Still, it seems to me that Rowan Williams needs to explain why the Episcopal Church's decision to allow the blessing of same-sex relationships is, in his eyes, a Communion-breaking offense, while the Church of Sweden's decision to allow same-sex marriage is not.

4 comments:

country squire said...

I doubt that poor Rowan can figure that one out.

bruno said...

and our sisters and brothers in Washington ask our bishops to ask the same question, framed in a different way

General Convention Deputation, Episcopal Diocese of Olympia Seattle,
Washington, March 16, 2007

To the House of Bishops of The Episcopal Church, gathered at Camp Allen,
Texas.

Grace and peace to you from God our Father and the Lord Jesus Christ.

The elected Deputation of the Episcopal Diocese of Olympia has, after
reflecting on the recent Anglican Communion Primates meeting in
Dar-es-Salaam, the following comments to make to you, our brothers and
sisters in Christ.

We are very troubled that the requests made of you come from only "some of"
the Primates of our Communion. We fully understand how difficult it will be
for you to respond when there is clearly not unanimity within the Primates
as a group.

We are concerned that the requests made of you, and the modified proposal
for a “Primatial Vicar”, threaten our polity.

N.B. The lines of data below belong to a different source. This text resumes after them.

(* Let $G$ be an equilateral compact tree with $p\ge2$ vertices, edge length $\ell$, identically zero potentials, and let $b_1,\dots,b_p\in\mathbb{R}$. Then for each $r=1,2,\dots,p$, the entire function $z\mapsto z^{r-1}\phi(z^2,b_1,\dots,b_p)$ is not of sine type.
   Context: Setting: $G$ is a tree with vertices $v_1,\dots,v_p$ and edges $e_1,\dots,e_{p-1}$ of length $\ell>0$, each oriented arbitrarily and identified with $[0,\ell]$; on each edge $-y_j''=\lambda y_j$. For a vertex $v$ and incident edge $e_j$, $y_j(v)$ is $y_j(\ell)$ if $e_j$ is incoming, $y_j(0)$ if outgoing. Robin–Kirchhoff condition at $v_i$: continuity of $y_j(v_i)$ over incident edges and $\sum_{\text{in}}y_j'(\ell)-\sum_{\text{out}}y_k'(0)+b_iy(v_i)=0$. Characteristic function: with $s(\lambda,x)=\sin(\sqrt\lambda x)/\sqrt\lambda$, $c(\lambda,x)=\cos(\sqrt\lambda x)$ and $y_j=\alpha_js+\beta_jc$ on $e_j$, the vertex conditions form a $2g\times2g$ linear system; fixing for each $v_i$ an incident edge $e_{j(i)}$ and a fixed ordering in which $v_i$ contributes $d(v_i)-1$ continuity rows plus one principal row $\sum_{\text{in}}y_j'(\ell)-\sum_{\text{out}}y_k'(0)+b_iy_{j(i)}(v_i)=0$, $\phi(\lambda,b_1,\dots,b_p)$ is the determinant of its matrix. It is an entire even function of $z=\sqrt\lambda$. Sine type: an entire function $\omega$ of exponential type $\sigma>0$ is of sine type if its zeros lie in a strip $|\operatorname{Im}z|<h$, for some $h_1$ and $M_1,M_2>0$ one has $M_1\le|\omega(x+ih_1)|\le M_2$ for all real $x$, and its exponential types in the upper and lower half-planes are equal. *)

From HB Require Import structures.
From mathcomp Require Import all_boot all_order all_algebra.
From mathcomp Require Import complex.
From mathcomp Require Import reals.
From mathcomp.analysis Require Import sequences exp trigo.
(* Let $\varphi:G\to H$ be a surjective group homomorphism. Then the homomorphism $f_\varphi:H_2(H)\to K_\varphi/\Gamma_\varphi$ induced by the central extension $$1\to K_\varphi/\Gamma_\varphi\to G/\Gamma_\varphi\xrightarrow{\ \varphi\ } H\to 1$$ coincides with the composition $$\psi\circ(i\circ\varepsilon)^{-1}\circ\partial:H_2(H)\to H_1(G,H)\to H_1(\mathrm{Coker}(\delta_\varphi))\to K_\varphi/\Gamma_\varphi .$$
   Context: Group homology: for a group $G$ let $C_n(G)=\mathbb Z[G^n]$ (free abelian group on $G^n$) with differential $d=\sum_{i=0}^n(-1)^id_i$, where $d_0(g_1,\dots,g_n)=(g_2,\dots,g_n)$, $d_i(g_1,\dots,g_n)=(g_1,\dots,g_ig_{i+1},\dots,g_n)$ for $1\le i\le n-1$, $d_n(g_1,\dots,g_n)=(g_1,\dots,g_{n-1})$; $H_n(G)$ is its homology. For a homomorphism $\varphi:G\to H$, $\varphi_*$ acts coordinatewise on chains. The relative complex has $\mathrm{Tot}_n=\mathbb Z[H^{n+1}]\oplus\mathbb Z[G^n]$ with differential $d(\varphi)(y,x)=(dy+\varphi_*(x),-dx)$; its homology is $H_n(G,H)$. For $\varphi$ surjective, the boundary map $\partial:H_{n+1}(H)\to H_n(G,H)$ is defined (with this sign convention) by $\partial[z]=[(0,-d\tilde z)]$, where $z$ is a cycle and $\tilde z\in\mathbb Z[G^{n+1}]$ is any chain with $\varphi_*(\tilde z)=z$. Cokernel complex: $G^n\times_{H^n}G^n$ is the set of pairs $(g^1,g^2)\in G^n\times G^n$ with $\varphi_*(g^1)=\varphi_*(g^2)$; $\mathrm{Coker}_n(\delta_\varphi)$ is $\mathbb Z[G^n\times_{H^n}G^n]$ modulo the relations $(g^1,g^2)+(g^2,g^3)\sim(g^1,g^3)$, with differential $(g^1,g^2)\mapsto\sum_{i=0}^n(-1)^i(d_ig^1,d_ig^2)$. The chain map $i\circ\varepsilon:\mathrm{Coker}_n(\delta_\varphi)\to\mathrm{Tot}_n$, $(g^1,g^2)\mapsto(0,g^1-g^2)$, induces an isomorphism $H_n(\mathrm{Coker}(\delta_\varphi))\cong H_n(G,H)$ when $\varphi$ is surjective (a known result of M. Levine). $K_\varphi=\ker\varphi$ and $\Gamma_\varphi$ is the smallest normal subgroup of $G$ containing all $gkg^{-1}k^{-1}$ with $g\in G$, $k\in K_\varphi$. The map $\psi:\mathbb Z[G\times_HG]\to K_\varphi/\Gamma_\varphi$, $\sum_iz_i(x_i,y_i)\mapsto\prod_i(x_iy_i^{-1})^{z_i}$ descends to an isomorphism $\psi:H_1(\mathrm{Coker}(\delta_\varphi))\to K_\varphi/\Gamma_\varphi$ (Levine). The map $f_\varphi$ is explicitly: write a class in $H_2(H)$ as represented by a cycle $x=\sum_{i=1}^{2n}(-1)^i(x_i,y_i)$ and choose any set-theoretic section $t:H\to G$ of $\varphi$; then $f_\varphi[x]=\Big(\prod_{k=1}^n t(x_{2k})t(y_{2k})t(x_{2k}y_{2k})^{-1}\Big)\cdot\Big(\prod_{k=1}^n t(x_{2k-1})t(y_{2k-1})t(x_{2k-1}y_{2k-1})^{-1}\Big)^{-1}\in K_\varphi/\Gamma_\varphi$. *)

(* (possibly infinite) groups are mathcomp's [groupType]
   from boot/monoid.v; free abelian groups Z[X] are modelled as formal
   integer combinations (lists) compared coefficientwise. *)
From HB Require Import structures.
From mathcomp Require Import all_boot all_order all_algebra.
Set Implicit Arguments. Unset Strict Implicit. Unset Printing Implicit Defensive.

Definition chain (X : eqType) := seq (int * X).

Definition coef (X : eqType) (c : chain X) (x : X) : int :=
  (\sum_(p <- c | p.2 == x) p.1)%R.

Definition chain_eq (X : eqType) (c c' : chain X) : Prop :=
  forall x, coef c x = coef c' x.

Definition chain_add (X : eqType) (c c' : chain X) : chain X := c ++ c'.
Definition chain_opp (X : eqType) (c : chain X) : chain X :=
  [seq ((- p.1)%R, p.2) | p <- c].
Definition chain_bind (X Y : eqType) (c : chain X) (f : X -> chain Y) : chain Y :=
  flatten [seq [seq ((p.1 * q.1)%R, q.2) | q <- f p.2] | p <- c].
Definition chain_map (X Y : eqType) (f : X -> Y) (c : chain X) : chain Y :=
  [seq (p.1, f p.2) | p <- c].

Local Open Scope group_scope.

(* Bar complex C_n(G) = Z[G^n] in degrees 1,2,3 (G^1 = G, G^2 = G*G,   *)
(* G^3 = G*G*G), with d = sum_i (-1)^i d_i.                             *)
Definition bd2 (G : groupType) (c : chain (G * G)%type) : chain G :=
  chain_bind c (fun g => [:: (1%R, g.2); ((-1)%R, g.1 * g.2); (1%R, g.1)]).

We see significant parts of the proposed “Anglican Covenant” – which is
also of deep concern to us – as reflecting the same segment of Primates, and
as, likewise, threatening our polity.

We are shocked that a province of the Anglican Communion - Nigeria - is
supporting state legislation targeting a sexual minority with severe and
punitive actions that violate the U.N. Charter on Human Rights. We see the
failure of the Primates to address this situation in Dar-es-Salaam as a
linked polity-related issue.

1. The Primates Requests.
With regard to the Primates’ specific requests and proposed actions
our most significant concern is that in each case the Primates appear to be
asking for a province of the Communion (our own) to violate its polity in
order to respond to Primatial concerns.

The Primates’ requests directed to you, our House of Bishops, and
their modified proposal for a “Primatial Vicar”, will, in seeking to solve
one problem, create another, deeper problem, calling into question the
polity on which both The Episcopal Church and the Anglican Communion had
heretofore been based. Since in each case a precedent would be established
we believe that any response must be very carefully crafted.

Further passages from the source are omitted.